Sino-German Cooperation
on Biodiversity, Climate and Environment
On behalf of International Climate Initiative (IKI)

Online trainings familiarize municipal-level participants with “Green Economic Recovery”, system integration of renewables, and energy master planning

The Sino-German Climate Partnership held three webinars on various topics related to a low-carbon energy transition in July 2020. The trainings were co-organized and conceptualized with the Energy Research Institute (ERI) and the Renewables Academy (RENAC). Various international and Chinese experts contributed to the webinars. The events were part of the project’s capacity-building efforts. While trainings were carried out as physical meetings for specific regions, due to COVID-19, this was not possible in 2020, and thus the webinar format was chosen.

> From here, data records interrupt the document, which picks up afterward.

Lemma eigenvalue_kron_conjP d (A : 'M[C]_d) l :
  reflect (exists2 E : 'M_d, E != 0 & A *m E *m ctrmx A = l *: E)
          (eigenvalue (kron (cconjmx A) A) l).
Proof.
apply: (iffP (eigenvalue_colP _ _)) => [[x nz_x hx] | [E nz_E hE]].
  have [E vecE_x] := vec_surj x; exists E; first by rewrite -vec_eq0 vecE_x.
  by apply: vec_inj; rewrite -kron_conj_vec vecZ vecE_x.
by exists (vec E); rewrite ?vec_eq0 // kron_conj_vec hE vecZ.
Qed.

End Vectorization.

Lemma horner_mx_annihilator (F : closedFieldType) n m (A : 'M[F]_n.+1)
    (q : {poly F}) (M : 'M[F]_(n.+1, m)) :
  M != 0 -> horner_mx A q *m M = 0 -> exists2 mu, root (char_poly A) mu & root q mu.
Proof.
move=> nz_M qM0; have : ~~ coprimep (char_poly A) q.
  apply/negP => /Bezout_eq1_coprimepP [[u v] /= huv]; move/eqP: nz_M; apply.
  have := congr1 (fun P => horner_mx A P *m M) huv; rewrite /= rmorph1 mul1mx => <-.
  by rewrite rmorphD !rmorphM /= Cayley_Hamilton mulr0 add0r -mulmxE -mulmxA qM0 mulmx0.
rewrite coprimep_def => /closed_rootP [mu]; rewrite root_gcd => /andP[].
by exists mu.
Qed.

Section Sandwich.
Variable R : rcfType.
Local Notation C := R[i].
Local Notation cj := (@conjc R).

(* [r.[x] = x ^+ N * cj p.[l / cj x]] for [x != 0], where [N = (size p).-1]. *)
Definition twisted_reciprocal (p : {poly C}) (l : C) : {poly C} :=
  \sum_(k < size p) cj (p`_k * l ^+ k) *: 'X^((size p).-1 - k).

Lemma horner_twisted_reciprocal p l x : x != 0 ->
  cj (twisted_reciprocal p l).[x] = cj x ^+ (size p).-1 * p.[l / cj x].
Proof.
move=> nz_x; have nz_cx : cj x != 0 by rewrite conjc_eq0.
rewrite horner_sum rmorph_sum horner_coef mulr_sumr; apply: eq_bigr => k _.
rewrite hornerZ hornerXn rmorphM /= conjcK rmorphXn /=.
have le_kN : (k <= (size p).-1)%N by rewrite -ltnS (leq_trans (ltn_ord k)) ?leqSpred.
rewrite -(subnKC le_kN) exprD addKn -{1}(divfK nz_cx l) exprMn; ring.
Qed.

Lemma horner0_twisted_reciprocal p l :
  (twisted_reciprocal p l).[0] = cj (lead_coef p * l ^+ (size p).-1).
Proof.
rewrite horner_sum lead_coefE; case sz_p: (size p) => [|N] /=.
  by rewrite big_ord0 nth_default ?sz_p // mul0r conjc0.
rewrite big_ord_recr /= subnn hornerZ hornerXn expr0 mulr1 big1 ?add0r // => k _.
by rewrite hornerZ hornerXn expr0n subn_eq0 leqNgt ltn_ord mulr0.
Qed.

Lemma sandwich_expr n (A E : 'M[C]_n.+1) l k : A *m E *m ctrmx A = l *: E ->
  A ^+ k *m E *m ctrmx A ^+ k = l ^+ k *: E.
Proof.
move=> hE; elim: k => [|k IHk]; first by rewrite !expr0 mul1mx mulmx1 scale1r.
rewrite exprS exprSr -!mulmxE !mulmxA -(mulmxA A) -(mulmxA A) IHk.
by rewrite -scalemxAr -scalemxAl hE scalerA exprSr.
Qed.

Lemma horner_mx_twisted_reciprocal n (A E : 'M[C]_n.+1) l p :
  A *m E *m ctrmx A = l *: E ->
  horner_mx A (twisted_reciprocal p l) *m ctrmx E
    = ctrmx (horner_mx A p *m E *m ctrmx A ^+ (size p).-1).
Proof.
move=> hE; have -> : horner_mx A p = \sum_(k < size p) horner_mx A (p`_k *: 'X^k).
  by rewrite -rmorph_sum -poly_def coefK.
rewrite !mulmx_suml ctrmx_sum rmorph_sum mulmx_suml; apply: eq_bigr => k _.
have le_kN : (k <= (size p).-1)%N by rewrite -ltnS (leq_trans (ltn_ord k)) ?leqSpred.
rewrite -{2}(subnKC le_kN) exprD -mulmxE mulmxA.
rewrite !horner_mxZ !rmorphXn /= !horner_mx_X -!scalemxAl (sandwich_expr _ hE).
rewrite -scalemxAl scalerA (horner_mxZ A) rmorphXn /= horner_mx_X.
by rewrite ctrmxZ ctrmxM ctrmxX ctrmxK -scalemxAl.
Qed.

The first webinar on “The Energy Sector and Green Recovery post-COVID-19” was held on 7 July 2020. It addressed the very timely topic of “building back better” and leveraging economic stimulus and support measures to change gears towards a more resilient and sustainable economic system. This also includes making investments in a low-carbon energy transition. The webinar paid particular attention to the role that renewable energy and other low-carbon energy technologies can play to generate growth and jobs in the local economy to make it as relevant as possible for municipal actors.

The second webinar on “System Integration of Renewable Energy Sources” took place on 20 and 21 July 2020. This webinar shared knowledge on how renewable energy can be successively integrated into the energy system towards a renewable-based system. The webinar covered the topic from four perspectives: Supply; demand; infrastructure (grid); and regulatory framework. It also included a range of best practice application case studies on how more renewables can be used in different sectors.

The third webinar on “Energy Master Planning” was held on July 27 and 28, 2020. This webinar focused on the process and methodology of urban energy planning and integrating it into other urban planning processes. It began by discussing how relevant the energy transition is for cities and vice-versa. It then followed the typical planning and implementation process: status quo assessment; target-setting; designing concepts and measures; and implementation.

All webinars focused on conveying international experience, but each contained contributions by Chinese experts who provided information on the situation and trends and contextualized the international experiences for the Chinese audience. The webinars also featured discussions between the experts where they deepened and elaborated on the contents of their talks. A total of 52 participants who attended a complete session on one topic received certificates. Participants came from local governments and research institutes that support local governments.